Ashley Tisdale was discovered at the mall in 1989 as a three-year-old.

In 1994–1996, the mall was expanded to include an elevator and a food court (modeled after a Jersey Shore theme) including 1920s style beach photos wrapped around the columns in the older section of the mall, as well as Nobody Beats the Wiz, a new 15-screen Loews Theatres (now AMC). Old Navy to replace the closed Caldor. The mall also saw minor cosmetic changes that consisted of replacing black with sky blue in the color schemes through painting and retiling, as well as new lighting along the pillars.

Through the years, Monmouth Mall has seen many different anchors that have come and gone, however, JCPenney was built by themselves in 1976 and remains to this day. In 1987, the Bamberger's brand was eliminated and the store was renamed for its parent corporation, Macy's. Anchor changes consisted of Caldor replacing Alexander's in 1986, Macy's replacing the former store Bamberger's in 1987, Lord & Taylor replacing the former store Hahne's in 1990, Stern's replacing Abraham & Straus in 1995 and Boscov's replacing Stern's in 2001. In 2010, Planet Fitness opened at Monmouth Mall.

Monmouth Mall went through a significant expansion in 2009. In mid-2010, cosmetic renovations started at the mall including new tile, paint, lighting, and a complete overhaul of the food court. The renovations lasted until summer 2011.

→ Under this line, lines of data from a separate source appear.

(* U embeds the (1, 1) joint eigenspace of (Z, X) into the (-1, 1) one, and V embeds the
   1-eigenspace of X into its -1-eigenspace; eigenspaces for distinct eigenvalues are
   independent. *)
Lemma mxrank_joint_eigenspace : (4 * \rank (eigenspace Z 1 :&: eigenspace X 1) <= n)%N.
Proof.
have cap0 Y : (eigenspace Y 1 :&: eigenspace Y (-1))%MS = 0.
  by apply: eigenspace_cap0; rewrite -subr_eq0 opprK.
set E11 := (eigenspace Z 1 :&: eigenspace X 1)%MS.
set E21 := (eigenspace Z (-1) :&: eigenspace X 1)%MS.
have rank_E11 : (2 * \rank E11 <= \rank (E11 + E21))%N.
  apply: (mxrank_disjoint_image U_unit).
    by apply/eqP; rewrite -submx0 -(cap0 Z) capmxS ?capmxSl.
  rewrite sub_capmx -[-1 in X in (_ <= X)%MS](mul1r (-1)) -[1 in X in (_ && X)%MS](mul1r 1).
  by rewrite !sub_eigenspace_mulmx ?capmxSl ?capmxSr.
have rank_X1 : (2 * \rank (eigenspace X 1) <= \rank (eigenspace X 1 + eigenspace X (-1)))%N.
  apply: (mxrank_disjoint_image V_unit) => //.
  by rewrite -[-1](mul1r (-1)) sub_eigenspace_mulmx.
have E11_E21 : (E11 + E21 <= eigenspace X 1)%MS by rewrite addsmx_sub !capmxSr.
have := mxrankS E11_E21; have := rank_leq_col (eigenspace X 1 + eigenspace X (-1))%MS.
lia.
Qed.

End JointEigenspace.

Section CommutingInvolutions.
Variables Z X : 'M[F]_n.
Hypotheses (two_neq0 : (2 : F) != 0)
  (ZZ : Z *m Z = 1%:M) (XX : X *m X = 1%:M) (ZX : Z *m X = X *m Z).

Lemma eigen_add_involutions m (W : 'M[F]_(m, n)) c :
  W *m (Z + X) = c *: W ->
  [/\ W *m Z + W *m X = c *: W,
      W + (W *m Z) *m X = c *: (W *m Z) &
      (W *m Z) *m X + W = c *: (W *m X)].
Proof.
rewrite mulmxDr => WZX; split => //.
  have := congr1 (mulmx^~ Z) WZX; rewrite mulmxDl -scalemxAl.
  by rewrite -!mulmxA ZZ mulmx1 -ZX.
have := congr1 (mulmx^~ X) WZX; rewrite mulmxDl -scalemxAl.
by rewrite -!mulmxA XX mulmx1 => <-.
Qed.

Lemma sub_eigenspace_add_involutions m (W : 'M[F]_(m, n)) :
  (W <= eigenspace (Z + X) 2)%MS = (W <= eigenspace Z 1 :&: eigenspace X 1)%MS.
Proof.
rewrite sub_capmx; apply/eigenspaceP/andP => [WZX | [/eigenspaceP WZ /eigenspaceP WX]].
  have [sum_eq ZX_Z ZX_X] := eigen_add_involutions WZX.
  have WZ_WX : W *m Z = W *m X by apply: (scalerI two_neq0); rewrite -ZX_Z -ZX_X addrC.
  have WZ_W : W *m Z = W.
    apply: (scalerI two_neq0); rewrite -sum_eq -WZ_WX.
    by rewrite -[in RHS](scale1r (W *m Z)) -scalerDl.
  by split; apply/eigenspaceP; rewrite scale1r // -WZ_WX.
by rewrite mulmxDr WZ WX !scale1r scaler_nat mulr2n.
Qed.

Lemma eigenvalue_add_involutions c : eigenvalue (Z + X) c -> [\/ c = 0, c = 2 | c = -2].
Proof.
case/eigenvalueP => v vZX v_neq0.
have [c0 | c_neq0] := eqVneq c 0; first by constructor 1.
have [sum_eq ZX_Z ZX_X] := eigen_add_involutions vZX.
have vZ_vX : v *m Z = v *m X by apply: (scalerI c_neq0); rewrite -ZX_Z -ZX_X addrC.
have vZX_v : v *m Z *m X = v by rewrite vZ_vX -mulmxA XX mulmx1.
rewrite vZX_v -vZ_vX in sum_eq ZX_Z.
have two_v : 2 *: v = c *: (v *m Z) by rewrite scaler_nat mulr2n.
have two_vZ : 2 *: (v *m Z) = c *: v by rewrite scaler_nat mulr2n.
have : (2 * 2) *: v = (c * c) *: v.
  by rewrite -scalerA two_v scalerA mulrC -scalerA -scalerA two_vZ.
move/eqP; rewrite -subr_eq0 -scalerBl scaler_eq0 (negbTE v_neq0) orbF subr_eq0.
by rewrite -!expr2 eq_sym eqf_sqr => /orP [/eqP-> | /eqP->]; [constructor 2 | constructor 3].
Qed.

End CommutingInvolutions.
End Eigenspaces.

Lemma adjD m n (A B : 'M[algC]_(m, n)) : adj (A + B) = adj A + adj B.
Proof. by apply/matrixP => i j; rewrite !mxE rmorphD. Qed.

Lemma adjZ m n c (A : 'M[algC]_(m, n)) : adj (c *: A) = c^* *: adj A.
Proof. by apply/matrixP => i j; rewrite !mxE rmorphM. Qed.

Lemma mxrank_orthonormal (T : finType) (P : pred T) n (v : T -> 'cV[algC]_n) :
  {in P &, forall x y, (adj (v x) *m v y) 0 0 = (x == y)%:R} ->
  \rank (\sum_(x | P x) <<(v x)^T>>)%MS = #|P|.
Proof.
move=> orthonormal; apply/eqP; rewrite eqn_leq; apply/andP; split.
  rewrite -sum1_card; apply: (big_ind2 (fun (A : 'M_n) k => \rank A <= k)%N).
  - by rewrite mxrank0.
  - move=> A1 k1 A2 k2 le_1 le_2; apply: leq_trans (leq_add le_1 le_2).
    exact: (mxrank_adds_leqif _ _).1.
  - by move=> x _; rewrite genmxE rank_leq_row.
pose B := \matrix_(i < #|P|) (v (enum_val i))^T.
have B_unitary : B \is unitarymx.
  apply/unitarymxP/matrixP => i j.
  have := orthonormal _ _ (enum_valP j) (enum_valP i).
  rewrite (inj_eq enum_val_inj) eq_sym [1%:M i j]mxE => <-; rewrite !mxE.
  by apply: eq_bigr => l _; rewrite !mxE mulrC.
rewrite -{1}(mxrank_unitary B_unitary) mxrankS //.
apply/row_subP => i; rewrite rowK (sumsmx_sup (enum_val i)) ?genmxE //; exact: enum_valP.
Qed.

(** * Tensor products of one-qubit operators *)

Lemma qbitE N (i : 'I_(2 ^ N)) k : val (qbit i k) = odd (i %/ 2 ^ k).
Proof. by rewrite /qbit; apply: inordK; case: odd. Qed.

Definition bits N (i : 'I_(2 ^ N)) : {ffun 'I_N -> 'I_2} := [ffun k => qbit i k].

Lemma bits_inj N : injective (@bits N).
Proof.
move=> i j /ffunP eq_ij; apply/val_inj/(binary_digits_inj (ltn_ord i) (ltn_ord j)).
move=> k lt_k; have := congr1 val (eq_ij (Ordinal lt_k)).
by rewrite !ffunE !qbitE => /(congr1 odd); rewrite !oddb.
Qed.

Lemma bits_bij N : bijective (@bits N).
Proof. by apply: inj_card_bij; [apply: bits_inj | rewrite card_ffun !card_ord]. Qed.

Lemma eq_tens N (f g : 'I_N -> 'M[algC]_2) : f =1 g -> tens f = tens g.
Proof.
by move=> eq_fg; apply/matrixP => i j; rewrite !mxE; apply: eq_bigr => k _; rewrite eq_fg.
Qed.

Lemma tens_mul N (f g : 'I_N -> 'M[algC]_2) :
  tens f *m tens g = tens (fun k => f k *m g k).
Proof.
apply/matrixP => i j; rewrite !mxE.
pose F (t : {ffun 'I_N -> 'I_2}) := \prod_k (f k (qbit i k) (t k) * g k (t k) (qbit j k)).
transitivity (\sum_(l : 'I_(2 ^ N)) F (bits l)).
  by apply: eq_bigr => l _; rewrite !mxE -big_split; apply: eq_bigr => k _; rewrite ffunE.
(* Summing over basis indices is summing over all bit strings, which distributes. *)
rewrite -(reindex (@bits N) (P := predT) (F := F)); last exact: onW_bij (@bits_bij N).
rewrite /F -(bigA_distr_bigA (fun k b => f k (qbit i k) b * g k b (qbit j k))).
by apply: eq_bigr => k _; rewrite mxE.
Qed.

Lemma tens1 N : tens (fun _ : 'I_N => 1%:M) = 1%:M.
Proof.
apply/matrixP => i j; rewrite !mxE.
under eq_bigr do rewrite mxE; rewrite prod_bool_natr.
congr (nat_of_bool _)%:R; apply/forallP/eqP => [eq_bits | -> //].
by apply/bits_inj/ffunP => k; rewrite !ffunE; apply/eqP.
Qed.

Lemma tens_scale N (c : 'I_N -> algC) f :
  tens (fun k => c k *: f k) = (\prod_k c k) *: tens f.
Proof. by apply/matrixP => i j; rewrite !mxE -big_split; apply: eq_bigr => k _; rewrite mxE. Qed.

Lemma tens_comm N (f g : 'I_N -> 'M[algC]_2) (c : 'I_N -> algC) :
  (forall k, f k *m g k = c k *: (g k *m f k)) ->
  tens f *m tens g = (\prod_k c k) *: (tens g *m tens f).
Proof. by move=> fg_comm; rewrite !tens_mul -tens_scale; apply: eq_tens. Qed.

In 2012, Vornado Realty Trust announced plans to sell its portfolio of enclosed shopping malls. In August 2015, Vornado's fifty percent stake and management in the Monmouth Mall was sold to co-owner Kushner Companies for $38 million.

On September 7, 2018, it was announced that Lord & Taylor would be closing as part of a plan to close 10 stores nationwide. The store closed in January 2019. On June 22, 2020, Crate & Barrel opened a temporary close out store on the 1st floor in the former Lord & Taylor space. It has since closed.

In 2021, Brookfield sold the mall to Kushner Companies.

In 2022, the mall announced that the parking garage would be demolished due to structural instability.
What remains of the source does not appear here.